– Ну хватит уже! – одернула его Ася. – Не думаешь же ты, что Марго вернется в театр? Смешно даже говорить об этом. У нее сейчас все хорошо в Широкополье.
– Чего ж хорошего, если ты сбежала и бумаги денежные с собой унесла?! Да она небось землю рыть будет. Кто знает, вдруг и сюда ее занесет сила нечистая? Надо тебя в другом месте спрятать.
– Например? – начала сердиться Ася. – Ну где меня можно спрятать? В том заброшенном шкафу, где Маркизова платья Маргошкины нашла?
– Не знаю. Надо подумать и решить!
– Я уже подумала, – кивнула Ася. – Ты прав. Отсюда придется уходить. Завтра премьера, а вот после нее придется. Но с пустыми руками скрыться мне невозможно. Надо пытаться все-таки в банк попасть. Уже август к исходу идет, а деньги получить можно только до 20 сентября. Завтра найму извозчика, доберусь до Ярмарки. Если увижу кого-то из широкопольских поблизости, значит, туда ходу пока нет. Придется что-то другое придумывать… к ростовщикам, что ли, идти.
– Извозчика она наймет! – всплеснул руками Хромоног. – Да я сам тебя свезу. С утра сбегаю в конюшню к Мишутке Хомякову, попрошу пролетку пообшарпанней, чтобы ненужного внимания не привлекать.
– Спасибо тебе, Леха!
– Да пока не за что, – вздохнул Хромоног. – Ну как же я сплоховал, а?! И думать не думал, что это окажется та самая Марго!..
Поняв, что Леха сызнова побрел все по тому же кругу, Ася резко встала – и вовремя: Бурбон уже устремил на нее свирепый взор налитых кровью глаз (на генеральных репетициях он почему-то весь наливался кровью и как-то особенно, ну просто ужасно свирепел!) и заорал:
– Наболтались?! На сцену все! Последний прогон! А ты, переписчица, учись за занавеску проходить, чтоб тебя ни одна живая душа из зала не заметила. Иначе все представление там стоять будешь. Поняла? С начала до конца! Поняла?!
Кивнув, Ася неохотно направилась к плотной занавеси, закрывавшей оконную пристановку.
Поль, стоявший рядом и недобро косившийся на них с Лехой, сладким голоском осведомился:
– Чулочки красненькие надели уже, мадемуазель Аннета? – и, резко нагнувшись, попытался схватить ее за подол.
Ася отшатнулась и молча проскользнула за занавеску, ничего не ответив.
– Руки придержи, Пашка! – хищно выдохнул Хромоног.
– Замолчали все!!! – взревел Бурбон.
– Петр Петрович, – жалобно воскликнула Маркизова, – прошу принять к сведению, что у меня красных чулок больше нет! И если переписчица их порвет, я даже не знаю… даже не знаю…
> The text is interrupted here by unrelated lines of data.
(* Let $n\geq 3$ and let $T$ be the $n\times n$ symmetric tridiagonal matrix with diagonal entries $T_{ii}=a_i\geq 0$ ($1\le i\le n$), off-diagonal entries $T_{j,j+1}=T_{j+1,j}=b_j\geq 0$ ($1\le j\le n-1$), and all other entries zero. Then $T$ is infinitely divisible if and only if $T$ is positive semidefinite and $b_ib_{i+1}=0$ for every $i\in\{1,2,\ldots,n-2\}$.
   Context: For a nonnegative matrix $A=[a_{ij}]$ and $r>0$, the Hadamard power is $A^{\circ r}=[a_{ij}^r]$. A nonnegative symmetric matrix $A$ is infinitely divisible if $A^{\circ r}$ is positive semidefinite for every $r>0$. *)

From HB Require Import structures.
From mathcomp Require Import all_boot all_order all_algebra.
From mathcomp Require Import reals exp.
Set Implicit Arguments. Unset Strict Implicit. Unset Printing Implicit Defensive.
Import Order.TTheory GRing.Theory Num.Theory.
Local Open Scope ring_scope.

Definition psd (R : realType) (n : nat) (A : 'M[R]_n) : Prop :=
  A^T = A /\ forall x : 'cV[R]_n, 0 <= (x^T *m A *m x) 0 0.

(* Hadamard power A^{o r} = [a_ij ^ r], using powR (with 0 `^ r = 0 for r > 0). *)
Definition hadamard_pow (R : realType) (n : nat) (A : 'M[R]_n) (r : R) : 'M[R]_n :=
  map_mx (fun x => x `^ r) A.

Definition infinitely_divisible (R : realType) (n : nat) (A : 'M[R]_n) : Prop :=
  (forall i j, 0 <= A i j) /\ A^T = A /\
  forall r : R, 0 < r -> psd (hadamard_pow A r).

(* Symmetric tridiagonal matrix, 0-based: diagonal a_0..a_{n-1},
   off-diagonal T_{j,j+1} = T_{j+1,j} = b_j for j < n-1. *)
Definition tridiag (R : realType) (n : nat) (a b : nat -> R) : 'M[R]_n :=
  \matrix_(i < n, j < n)
    (if i == j :> nat then a i
     else if j == i.+1 :> nat then b i
     else if i == j.+1 :> nat then b j
     else 0).

From HB Require Import structures.
From mathcomp Require Import all_boot all_order all_algebra.
From mathcomp Require Import reals exp.
From mathcomp Require Import zify ring lra.
Import Order.TTheory GRing.Theory Num.Theory.
Local Open Scope ring_scope.

(* Hadamard powers of a nonnegative tridiagonal matrix are again tridiagonal,
   with entries a_i^r and b_j^r.  When no two consecutive b_j are nonzero, the
   quadratic form of such a matrix splits into disjoint 1x1 and 2x2 blocks, and
   each 2x2 block stays positive semidefinite under powers because
   b_j^2 <= a_j a_(j+1) implies (b_j^r)^2 <= a_j^r a_(j+1)^r.  Conversely, if
   b_i b_(i+1) > 0 then a_i, a_(i+1), a_(i+2) > 0, and the 3x3 principal minor
   of the r-th power is (a_i a_(i+1) a_(i+2))^r (1 - u^r - v^r) with
   u = b_i^2 / (a_i a_(i+1)) > 0 and v = b_(i+1)^2 / (a_(i+1) a_(i+2)) > 0;
   since u^r, v^r -> 1 as r -> 0, this minor is negative for small r. *)

Section BinaryAndTernaryForms.
Context {R : realFieldType}.
Implicit Types (a b c d e : R).

Lemma qform2_ge0P a b c :
  (forall x y, 0 <= a * x ^+ 2 + c * y ^+ 2 + 2 * (b * x * y)) <->
  [/\ 0 <= a, 0 <= c & b ^+ 2 <= a * c].
Proof.
split=> [H|[a0 c0 bac] x y].
  have a0 : 0 <= a by have := H 1 0; rewrite expr1n expr0n /=; lra.
  have c0 : 0 <= c by have := H 0 1; rewrite expr1n expr0n /=; lra.
  split=> //; have [a_gt0|a_eq0] : 0 < a \/ a = 0 by lra.
    have := H (- b) a.
    have -> : a * (- b) ^+ 2 + c * a ^+ 2 + 2 * (b * - b * a) = a * (a * c - b ^+ 2) by ring.
    by rewrite pmulr_rge0 // subr_ge0.
  by move: (H c (- b)) (H (- b) 1); rewrite a_eq0; nra.
have [a_gt0|a_eq0] : 0 < a \/ a = 0 by lra.
  rewrite -(pmulr_rge0 _ a_gt0).
  have -> : a * (a * x ^+ 2 + c * y ^+ 2 + 2 * (b * x * y)) =
    (a * x + b * y) ^+ 2 + (a * c - b ^+ 2) * y ^+ 2 by ring.
  by rewrite addr_ge0 ?sqr_ge0 // mulr_ge0 ?sqr_ge0 ?subr_ge0.
have b_eq0 : b = 0 by apply/eqP; rewrite -sqrf_eq0 eq_le sqr_ge0 andbT -(mul0r c) -a_eq0.
by rewrite a_eq0 b_eq0; nra.
Qed.
Lemma qform3_ge0_det a b c d e :
  (forall x y z, 0 <= a * x ^+ 2 + c * y ^+ 2 + e * z ^+ 2 + 2 * (b * x * y + d * y * z)) ->
  0 < a -> 0 < e -> b ^+ 2 * e + d ^+ 2 * a <= a * c * e.
Proof.
move=> H a0 e0; have := H (- (b * e)) (a * e) (- (d * a)).
have -> : a * (- (b * e)) ^+ 2 + c * (a * e) ^+ 2 + e * (- (d * a)) ^+ 2 +
    2 * (b * - (b * e) * (a * e) + d * (a * e) * - (d * a)) =
  (a * e) * (a * c * e - (b ^+ 2 * e + d ^+ 2 * a)) by ring.
by rewrite pmulr_rge0 ?mulr_gt0 // subr_ge0.
Qed.

End BinaryAndTernaryForms.

Section TridiagonalQuadraticForm.
Context {R : realType}.
Implicit Types (A B f g : nat -> R).

Definition tridiag_qform A B f m : R :=
  \sum_(0 <= k < m.+1) A k * f k ^+ 2 + 2 * \sum_(0 <= k < m) B k * f k * f k.+1.

Lemma tridiag_qform0 A B f : tridiag_qform A B f 0 = A 0 * f 0 ^+ 2.
Proof. by rewrite /tridiag_qform big_nat1 big_geq // mulr0 addr0. Qed.

Lemma tridiag_qformS A B f m : tridiag_qform A B f m.+1 =
  tridiag_qform A B f m + A m.+1 * f m.+1 ^+ 2 + 2 * (B m * f m * f m.+1).
Proof.
by rewrite /tridiag_qform [in LHS]big_nat_recr //= [X in 2 * X]big_nat_recr //=; ring.
Qed.

Definition tridiag_entry A B i j : R :=
  if i == j then A i else if j == i.+1 then B i else if i == j.+1 then B j else 0.

Lemma tridiag_double_sum A B f m :
  \sum_(0 <= j < m.+1) \sum_(0 <= i < m.+1) f i * tridiag_entry A B i j * f j =
  tridiag_qform A B f m.
Proof.
elim: m => [|m IH]; first by rewrite !big_nat1 tridiag_qform0 /tridiag_entry eqxx; ring.
have last_only (F : nat -> R) :
    (forall i, (i < m)%N -> F i = 0) -> \sum_(0 <= i < m.+1) F i = F m.
  move=> F0; rewrite big_nat_recr //= big_nat_cond big1 ?add0r // => i.
  by case/andP=> /andP[_ /F0].
rewrite big_nat_recr //=.
under eq_big_nat => j _ do rewrite big_nat_recr //=.
rewrite big_split /= IH [X in _ + X = _]big_nat_recr //= tridiag_qformS.
rewrite !last_only => [|i im|i im]; try by rewrite /tridiag_entry !ifF ?mulr0 ?mul0r //; lia.
rewrite /tridiag_entry !eqxx !ifF; try lia.
ring.
Qed.

Lemma tridiag_qformE A B f m :
  ((\col_(k < m.+1) f k)^T *m tridiag m.+1 A B *m \col_(k < m.+1) f k) 0 0 =
  tridiag_qform A B f m.
Proof.
rewrite -tridiag_double_sum mxE [RHS]big_mkord; apply: eq_bigr => j _.
rewrite !mxE mulr_suml big_mkord; apply: eq_bigr => i _.
by rewrite !mxE.
Qed.

Lemma tridiagT n A B : (tridiag n A B)^T = tridiag n A B.
Proof.
apply/matrixP => i j; rewrite !mxE.
have [->|_] := eqVneq (i : nat) j; first by [].
by have [ij1|//] := eqVneq (i : nat) j.+1; rewrite ifF //; lia.
Qed.

Lemma psd_tridiagP A B m :
  psd (tridiag m.+1 A B) <-> forall f, 0 <= tridiag_qform A B f m.
Proof.
split=> [[_ psdT] f|qform_ge0]; first by rewrite -tridiag_qformE.
split=> [|x]; first exact: tridiagT.
have -> : x = \col_(k < m.+1) x (inord k) 0.
  by apply/matrixP => i j; rewrite !mxE inord_val (ord1 j).
by rewrite (tridiag_qformE _ _ (fun k => x (inord k) 0)).
Qed.

Lemma sum_nat_window (F : nat -> R) k l N : (k + l <= N)%N ->
  (forall i, (i < k)%N || (k + l <= i)%N -> F i = 0) ->
  \sum_(0 <= i < N) F i = \sum_(0 <= i < l) F (i + k)%N.
Proof.
move=> klN F0; have kN := leq_trans (leq_addr l k) klN.
rewrite (big_cat_nat (n:=k)) // (big_cat_nat (n:=k + l) (leq_addr l k) klN) /=.
rewrite big_nat_cond big1 ?add0r; last by move=> i /andP[/andP[_ ik] _]; rewrite F0 ?ik.
rewrite [X in _ + X]big_nat_cond [X in _ + X]big1 ?addr0; last first.
  by move=> i /andP[/andP[ki _] _]; rewrite F0 ?ki ?orbT.
by rewrite -{1}(add0n k) big_addn addKn.
Qed.

Lemma tridiag_qform_window A B g k l m : (k + l <= m)%N ->
  (forall i, (l < i)%N -> g i = 0) ->
  tridiag_qform A B (fun i => if (k <= i)%N then g (i - k)%N else 0) m =
  tridiag_qform (fun i => A (i + k)%N) (fun i => B (i + k)%N) g l.
Proof.
move=> klm g0; rewrite /tridiag_qform.
rewrite [X in X + _](@sum_nat_window _ k l.+1) ?addnS //; last first.
  move=> i; case: (leqP k i) => [ki|_ _]; last by rewrite expr0n mulr0.
  move=> /= hi; rewrite g0 ?expr0n ?mulr0 //; lia.
rewrite [X in 2 * X](@sum_nat_window _ k l) //; last first.
  move=> i; case: (leqP k i) => [ki|_ _]; last by rewrite mulr0 mul0r.
  move=> /= hi; rewrite (leqW ki) [g (i.+1 - k)%N]g0 ?mulr0 //; lia.
congr (_ + 2 * _); apply: eq_bigr => i _.
  by rewrite leq_addl addnK.
by rewrite -addSn !leq_addl !addnK.
Qed.

Lemma psd_tridiag_minor2 {A B m k} : psd (tridiag m.+1 A B) -> (k < m)%N ->
  B k ^+ 2 <= A k * A k.+1.
Proof.
move=> /psd_tridiagP psdT km; suff /qform2_ge0P[] : forall x y,
    0 <= A k * x ^+ 2 + A k.+1 * y ^+ 2 + 2 * (B k * x * y) by [].
move=> x y; have := psdT (fun i => if (k <= i)%N then [:: x; y]`_(i - k) else 0).
rewrite (@tridiag_qform_window _ _ _ k 1) ?addn1 // => [|i i1]; last first.
  by rewrite nth_default.
by rewrite tridiag_qformS tridiag_qform0 /= add1n.
Qed.

Lemma psd_tridiag_minor3 {A B m k} : psd (tridiag m.+1 A B) -> (k.+2 <= m)%N ->
  0 < A k -> 0 < A k.+2 -> B k ^+ 2 * A k.+2 + B k.+1 ^+ 2 * A k <= A k * A k.+1 * A k.+2.
Proof.
move=> /psd_tridiagP psdT km; apply: qform3_ge0_det => x y z.
have := psdT (fun i => if (k <= i)%N then [:: x; y; z]`_(i - k) else 0).
rewrite (@tridiag_qform_window _ _ _ k 2) ?addn2 // => [|i i2]; last first.
  by rewrite nth_default.
by rewrite !tridiag_qformS tridiag_qform0 /= add1n addSn add1n; congr (0 <= _); ring.
Qed.

Lemma tridiag_qform_ge0 A B f m :
  (forall i, (i < m.+1)%N -> 0 <= A i) ->
  (forall k, (k < m)%N -> B k ^+ 2 <= A k * A k.+1) ->
  (forall k, (k.+1 < m)%N -> B k * B k.+1 = 0) ->
  0 <= tridiag_qform A B f m.
Proof.
move=> A_ge0 B_minor2 B_sparse.
have diag_ge0 i : (i < m.+1)%N -> 0 <= A i * f i ^+ 2.
  by move=> im; rewrite mulr_ge0 ?A_ge0 ?sqr_ge0.
have pair_ge0 k : (k < m)%N ->
    0 <= A k * f k ^+ 2 + A k.+1 * f k.+1 ^+ 2 + 2 * (B k * f k * f k.+1).
  by move=> km; apply: (qform2_ge0P _ _ _).2; split; rewrite ?A_ge0 ?B_minor2 //; apply: ltnW.
suff qform_ge0 j : (j <= m)%N -> 0 <= tridiag_qform A B f j by apply: qform_ge0.
elim/ltn_ind: j => -[|[|j]] IH jm.
- by rewrite tridiag_qform0 diag_ge0.
- by rewrite tridiag_qformS tridiag_qform0 pair_ge0.
have [Bj1|Bj1] := eqVneq (B j.+1) 0.
  by rewrite tridiag_qformS Bj1 !mul0r mulr0 addr0 addr_ge0 ?diag_ge0 ?IH // ltnW.
have Bj : B j = 0 by move/eqP: (B_sparse j jm); rewrite mulf_eq0 (negbTE Bj1) orbF => /eqP.
have qj : 0 <= tridiag_qform A B f j by apply: IH; lia.
rewrite !tridiag_qformS Bj !mul0r mulr0 addr0.
by have := addr_ge0 qj (pair_ge0 _ jm); rewrite !addrA.
Qed.

End TridiagonalQuadraticForm.

Section HadamardPowers.
Context {R : realType}.
Implicit Types (A B : nat -> R) (u v r : R).

Lemma powR_ge1Dln r u : 0 < u -> 1 + r * ln u <= u `^ r.
Proof. by move=> u0; rewrite /powR gt_eqF // expR_ge1Dx. Qed.

Lemma exists_powR_sum_gt1 u v : 0 < u -> 0 < v ->
  exists2 r, 0 < r & 1 < u `^ r + v `^ r.
Proof.
move=> u0 v0; pose s := ln u + ln v; pose r := (1 + s ^+ 2)^-1.
have s2_gt0 : 0 < 1 + s ^+ 2 by rewrite ltr_pwDl ?sqr_ge0.
have r0 : 0 < r by rewrite invr_gt0.
exists r => //.
(* u^r + v^r >= 2 + r s, and 0 <= r (1 + s)^2 = 1 + 2 r s gives r s >= -1/2. *)
have rs : r * (1 + s ^+ 2) = 1 by rewrite mulVf ?gt_eqF.
have rs_ge0 : 0 <= r * (1 + s) ^+ 2 by rewrite mulr_ge0 ?sqr_ge0 ?ltW.
have := powR_ge1Dln r _ u0; have := powR_ge1Dln r _ v0.
rewrite /s in rs rs_ge0; nra.
Qed.

Lemma hadamard_pow1 {n} {M : 'M[R]_n} : (forall i j, 0 <= M i j) -> hadamard_pow M 1 = M.
Proof. by move=> M_ge0; apply/matrixP => i j; rewrite mxE powRr1. Qed.

Lemma hadamard_pow_tridiag n A B r : r != 0 ->
  hadamard_pow (tridiag n A B) r = tridiag n (fun i => A i `^ r) (fun j => B j `^ r).
Proof.
by move=> r0; apply/matrixP => i j; rewrite !mxE; repeat case: ifP => _; rewrite ?powR0.
Qed.

Lemma tridiag_ge0 n A B : (forall i, (i < n)%N -> 0 <= A i) ->
  (forall j, (j.+1 < n)%N -> 0 <= B j) -> forall i j, 0 <= tridiag n A B i j.
Proof.
move=> A_ge0 B_ge0 i j; rewrite mxE.
case: ifP => _; first exact: A_ge0.
case: ifP => [/eqP ji|_]; first by apply: B_ge0; rewrite -ji.
by case: ifP => [/eqP ij|//]; apply: B_ge0; rewrite -ij.
Qed.

Lemma psd_tridiag_powR A B m r : 0 < r ->
  (forall i, (i < m.+1)%N -> 0 <= A i) -> (forall j, (j < m)%N -> 0 <= B j) ->
  psd (tridiag m.+1 A B) -> (forall k, (k.+1 < m)%N -> B k * B k.+1 = 0) ->
  psd (tridiag m.+1 (fun i => A i `^ r) (fun j => B j `^ r)).
Proof.
move=> r0 A_ge0 B_ge0 psdT B_sparse; apply/psd_tridiagP => f.
apply: tridiag_qform_ge0 => [i _|k km|k km].
- exact: powR_ge0.
- have a0 := A_ge0 k (ltnW km); have a1 := A_ge0 k.+1 km; have b0 := B_ge0 k km.
  rewrite expr2 -!powRM //; apply: (ge0_ler_powR (ltW r0)); rewrite ?nnegrE ?mulr_ge0 //.
  by rewrite -expr2; apply: psd_tridiag_minor2 psdT km.
- by rewrite -powRM ?B_ge0 ?(ltnW km) // B_sparse // powR0 // gt_eqF.
Qed.

Lemma psd_tridiag_powR_sparse {A B m k} :
  (forall r, 0 < r -> psd (tridiag m.+1 (fun i => A i `^ r) (fun j => B j `^ r))) ->
  psd (tridiag m.+1 A B) -> (k.+2 <= m)%N ->
  0 <= A k -> 0 <= A k.+1 -> 0 <= A k.+2 -> 0 <= B k -> 0 <= B k.+1 ->
  B k * B k.+1 = 0.
Proof.
move=> psd_pow psdT km a0 a1 a2 b0 b1; apply/eqP; apply: contraT.
rewrite mulf_eq0 negb_or => /andP[b0_neq0 b1_neq0].
have b0_gt0 : 0 < B k by rewrite lt_def b0_neq0.
have b1_gt0 : 0 < B k.+1 by rewrite lt_def b1_neq0.
have minor0 := psd_tridiag_minor2 psdT (ltnW km).
have minor1 := psd_tridiag_minor2 psdT km.
have a0_gt0 : 0 < A k by nra.
have a1_gt0 : 0 < A k.+1 by nra.
have a2_gt0 : 0 < A k.+2 by nra.
set u := B k ^+ 2 / (A k * A k.+1); set v := B k.+1 ^+ 2 / (A k.+1 * A k.+2).
have [r r0 uv_gt1] : exists2 r, 0 < r & 1 < u `^ r + v `^ r.
  by apply: exists_powR_sum_gt1; rewrite divr_gt0 ?mulr_gt0 ?exprn_gt0.
have powR_sqr x y : 0 <= x -> 0 < y -> (x `^ r) ^+ 2 = (x ^+ 2 / y) `^ r * y `^ r.
  move=> x0 y0; rewrite -powRM ?divr_ge0 ?sqr_ge0 ?ltW // divfK ?gt_eqF //.
  by rewrite !expr2 powRM.
have := psd_tridiag_minor3 (psd_pow r r0) km (powR_gt0 r a0_gt0) (powR_gt0 r a2_gt0).
rewrite (powR_sqr _ _ b0 (mulr_gt0 a0_gt0 a1_gt0)) (powR_sqr _ _ b1 (mulr_gt0 a1_gt0 a2_gt0)).
rewrite -/u -/v (powRM r (ltW a0_gt0) (ltW a1_gt0)) (powRM r (ltW a1_gt0) (ltW a2_gt0)).
set P := A k `^ r * A k.+1 `^ r * A k.+2 `^ r.
have P_gt0 : 0 < P by rewrite !mulr_gt0 ?powR_gt0.
have -> : u `^ r * (A k `^ r * A k.+1 `^ r) * A k.+2 `^ r +
    v `^ r * (A k.+1 `^ r * A k.+2 `^ r) * A k `^ r = (u `^ r + v `^ r) * P.
  by rewrite /P; ring.
by rewrite -{2}(mul1r P) ler_pM2r // leNgt uv_gt1.
Qed.

End HadamardPowers.

Theorem theorem1p4 (R : realType) (n : nat) (a b : nat -> R) :
  (3 <= n)%N ->
  (forall i, (i < n)%N -> 0 <= a i) ->
  (forall j, (j.+1 < n)%N -> 0 <= b j) ->
  infinitely_divisible (tridiag n a b) <->
  (psd (tridiag n a b) /\ forall i, (i.+2 < n)%N -> b i * b i.+1 = 0).
Proof.
case: n => [//|m] _ a_ge0 b_ge0.
have hadamard_powE r : 0 < r -> hadamard_pow (tridiag m.+1 a b) r =
    tridiag m.+1 (fun i => a i `^ r) (fun j => b j `^ r).
  by move=> r0; rewrite hadamard_pow_tridiag ?gt_eqF.
split=> [[T_ge0 [_ psd_pow]]|[psdT b_sparse]].
  have psdT : psd (tridiag m.+1 a b) by rewrite -(hadamard_pow1 T_ge0); apply: psd_pow.
  split=> // i im.
  have [ai ai1 ai2] : [/\ 0 <= a i, 0 <= a i.+1 & 0 <= a i.+2] by split; apply: a_ge0; lia.
  have [bi bi1] : 0 <= b i /\ 0 <= b i.+1 by split; apply: b_ge0; lia.
  apply: (psd_tridiag_powR_sparse _ psdT im ai ai1 ai2 bi bi1) => r r0.
  by rewrite -hadamard_powE //; apply: psd_pow.
split; first exact: tridiag_ge0.
split=> [|r r0]; first exact: tridiagT.
by rewrite hadamard_powE //; apply: psd_tridiag_powR.
Qed.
– Я не порву ничего, – отозвалась Ася из-за занавески. – А порву – так зачиню, что никто ничего и не заметит.
– Ну хорошо, – мигом успокоилась госпожа Маркизова, которая добивалась только одного: чтобы на нее обратили внимание. Все-таки именно она играла главную роль в водевиле «Лизины чулочки», а не какая-то переписчица, у которой не было ни осьмушки драматического таланта, зато оказались невероятно красивые ножки.
Вот из-за этих-то своих ножек Асе и придется выходить на сцену завтра, на премьере, и принимать участие во всех постановках, пока «Лизины чулочки» не сойдут со сцены.
А дело было так…
Нет, прежде чем рассказать об этом, следует изложить содержание водевиля.
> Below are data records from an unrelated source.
Lemma dil_splits_conj g g' H : EO n g -> g' *m g = 1%:M -> g *m g' = 1%:M -> EOI n K0 H ->
  dil_splits J0 (g *m H *m g').
Proof.
move=> EOg g'g gg' EOH M; have idJ0 := is_ideal_ext (fun r : R => r%:P) I.
have EOg' : EO n g' := gen_group_linv (@invertible_oe_gen _ _ _) EOg g'g.
have dC := EOI_conj_descends n_ge3 idJ0 (EOI_fraction EOg).
have dC' := EOI_conj_descends n_ge3 is_ideal_whole (EOI_fraction EOg').
have dH := EOI_comm_descends n_ge3 idJ0 (EOI_fraction_in EOH).
have [NR dR] := comm_descends_conj dC dC' dH (map_const_poly_inv gg') (map_const_poly_inv g'g) M.
have [NH dNH] := dC M.
have sg := dil_splits_EOI is_ideal_whole (@dilatable_whole _ _ phi a locS) (fun _ _ => Logic.I)
  EOg (maxn M NR).
have sH := dil_splits_EOI idJ0 (dilatable_ext (I := I) locS) (is_idealN (is_ideal_ext _ I))
  EOH NH.
apply: eventually_adicW (eventually_adic_and sg sH) => b [[G [RG EG]] [H1 [RH1 EH]]].
have EOG := EOrelpow_EOpow RG.
have [G' [EOG' GG' G'G]] := gen_groupV (@invertible_oe_gen _ _ _) EOG.
have Eg' : c0 g' *m Ps G' = map_mx (dil b) g'.
  apply: (mulmx_inv_uniq (X := map_mx (dil b) g)); first by rewrite -map_mxM gg' map_mx1.
  by rewrite EG mulmxA -(mulmxA (c0 g')) -map_mxM G'G map_mx1 mulmx1 map_const_poly_inv.
have [H2 [RH2 iH2]] := dNH H1 RH1.
have iH2' : c0 g *m Ps H1 = Ps H2 *m c0 g := iH2.
have [_ [[Rr [RRr ->]] iR]] := dR G' (EOpow_mono is_ideal_whole (leq_maxr _ _) EOG').
have iR' : c0 g *m c0 H *m c0 g' *m Ps G' = Ps (Rr *m G') *m (c0 g *m c0 H *m c0 g') := iR.
exists (G *m (H2 *m Rr) *m G'); split.
  apply: normal_closure_conj; rewrite ?GG' ?G'G //; last exact: normal_closure_mul.
  exact: EOpow_mono is_ideal_whole (leq_maxl _ _) EOG.
rewrite !map_mxM EG EH -Eg'.
transitivity (Ps G *m (c0 g *m Ps H1) *m c0 H *m c0 g' *m Ps G'); first by rewrite !mulmxA.
rewrite iH2'.
transitivity (Ps G *m Ps H2 *m (c0 g *m c0 H *m c0 g' *m Ps G')); first by rewrite !mulmxA.
by rewrite iR' !map_mxM !mulmxA.
Qed.

Lemma dil_splits_EOrel Z : EOrel n K0 Z -> dil_splits J0 Z.
Proof.
move: Z; apply: gen_group_ind => [g h||_ Z [g [g' [H [EOg g'g gg' EOH ->]]]] _ sZ].
- by apply: conj_gen_linv; apply: invertible_oe_gen.
- exact: dil_splits1.
apply: dil_splitsM sZ; last exact: dil_splits_conj.
apply: (EOI_conj_descends n_ge3 (is_ideal_ext _ I)); apply: (@EOI_fraction whole).
apply: gen_group_mul; last exact: gen_group_linv (@invertible_oe_gen _ _ _) EOg g'g.
by apply: gen_group_mul EOg (EOI_sub _ EOH).
Qed.

Lemma horner0_dil b (p : {poly S}) : (dil b p).[0] = p.[0].
Proof. by rewrite horner_comp hornerMX mulr0. Qed.

Lemma EOrel_normalize_const (W : 'M[{poly R}]_m) : EOrel n J0 W ->
  map_mx (horner_eval 0) (Ps W) = 1%:M ->
  exists W', [/\ EOrel n J0 W', map_mx (horner_eval 0) W' = 1%:M & Ps W' = Ps W].
Proof.
move=> EW W_0; set W0 := map_mx (const_poly R) W.
have EW0 : EOrel n J0 W0 by apply: EOrel_map EW => z; apply: ext_ideal_const.
have [W0' [EW0' W0W0' _]] := normal_closureV (@invertible_oe_gen _ _ _) EW0.
have W0_0 : map_mx (horner_eval 0) W0 = map_mx (horner_eval 0) W.
  by apply/matrixP => i j; rewrite !mxE /= !horner_evalE hornerC.
have PsW0 : Ps W0 = 1%:M.
  apply/matrixP => i j; have := congr1 (fun X : 'M_m => (X i j)%:P) W_0.
  by rewrite !mxE /= map_polyC !horner_evalE !horner_coef0 coef_map /= => ->; rewrite polyC_natr.
exists (W *m W0'); split.
- exact: gen_group_mul.
- by rewrite map_mxM -W0_0 -map_mxM W0W0' map_mx1.
- by rewrite map_mxM -[Ps W0']mul1mx -PsW0 -map_mxM W0W0' map_mx1 mulmx1.
Qed.

End Dilation.

Theorem mainTheorem8 (R S : comNzRingType) (phi : {rmorphism R -> S})
    (I : R -> Prop) (n : nat) (a : R) (alpha : 'M[{poly S}]_(n.*2)) :
  is_ideal I -> (3 <= n)%N -> (forall k : nat, a ^+ k != 0) ->
  is_localization a phi ->
  EOrel n (ext_ideal (fun r => (phi r)%:P) I) alpha ->
  map_mx (fun p => p.[0]) alpha = 1%:M ->
  exists d : nat, forall b : R, (exists r, b = a ^+ d * r) ->
    exists astar : 'M[{poly R}]_(n.*2),
      [/\ EOrel n (ext_ideal (fun r => r%:P) I) astar,
          map_mx (fun p => p.[0]) astar = 1%:M
        & map_mx (map_poly phi) astar
          = map_mx (fun p => p \Po ((phi b)%:P * 'X)) alpha].
Proof.
move=> _ n_ge3 _ locS EOalpha alpha_0.
have [d split_d] := dil_splits_EOrel locS n_ge3 EOalpha 0.
exists d => b /split_d[W [RW E]].
have c0_alpha : map_mx (const_poly S) alpha = 1%:M.
  apply/matrixP => i j; move/matrixP/(_ i j): alpha_0.
  by rewrite !mxE /= horner_evalE => ->; rewrite polyC_natr.
rewrite c0_alpha mulmx1 in E.
have W_0 : map_mx (horner_eval 0) (map_mx (map_poly phi) W) = 1%:M.
  apply/matrixP => i j; move/matrixP/(_ i j): alpha_0.
  by rewrite -E !mxE /= horner_evalE horner0_dil.
have [W' [EW' W'_0 PsW']] := EOrel_normalize_const (EOrelpow0_EOrel RW) W_0.
exists W'; split => //; exact: etrans PsW' (esym E).
Qed.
Сапожных дел мастер Гвоздиков в подвале доходного дома шьет нарядные башмачки для богатых барынек. В этот же дом поселяется красивый капитан Весельчаков. Он очарован хорошенькой Лизой, женой башмачника, и решает заманить ее в любовные сети. Однажды ей назначает встречу некий адвокат, который уверяет, что Лиза должна получить большое наследство, однако это известие следует держать в тайне от мужа, чтобы сделать ему приятный сюрприз. Лиза не знает, что адвоката изображает плутоватый Андрюха, денщик не менее плутоватого капитана.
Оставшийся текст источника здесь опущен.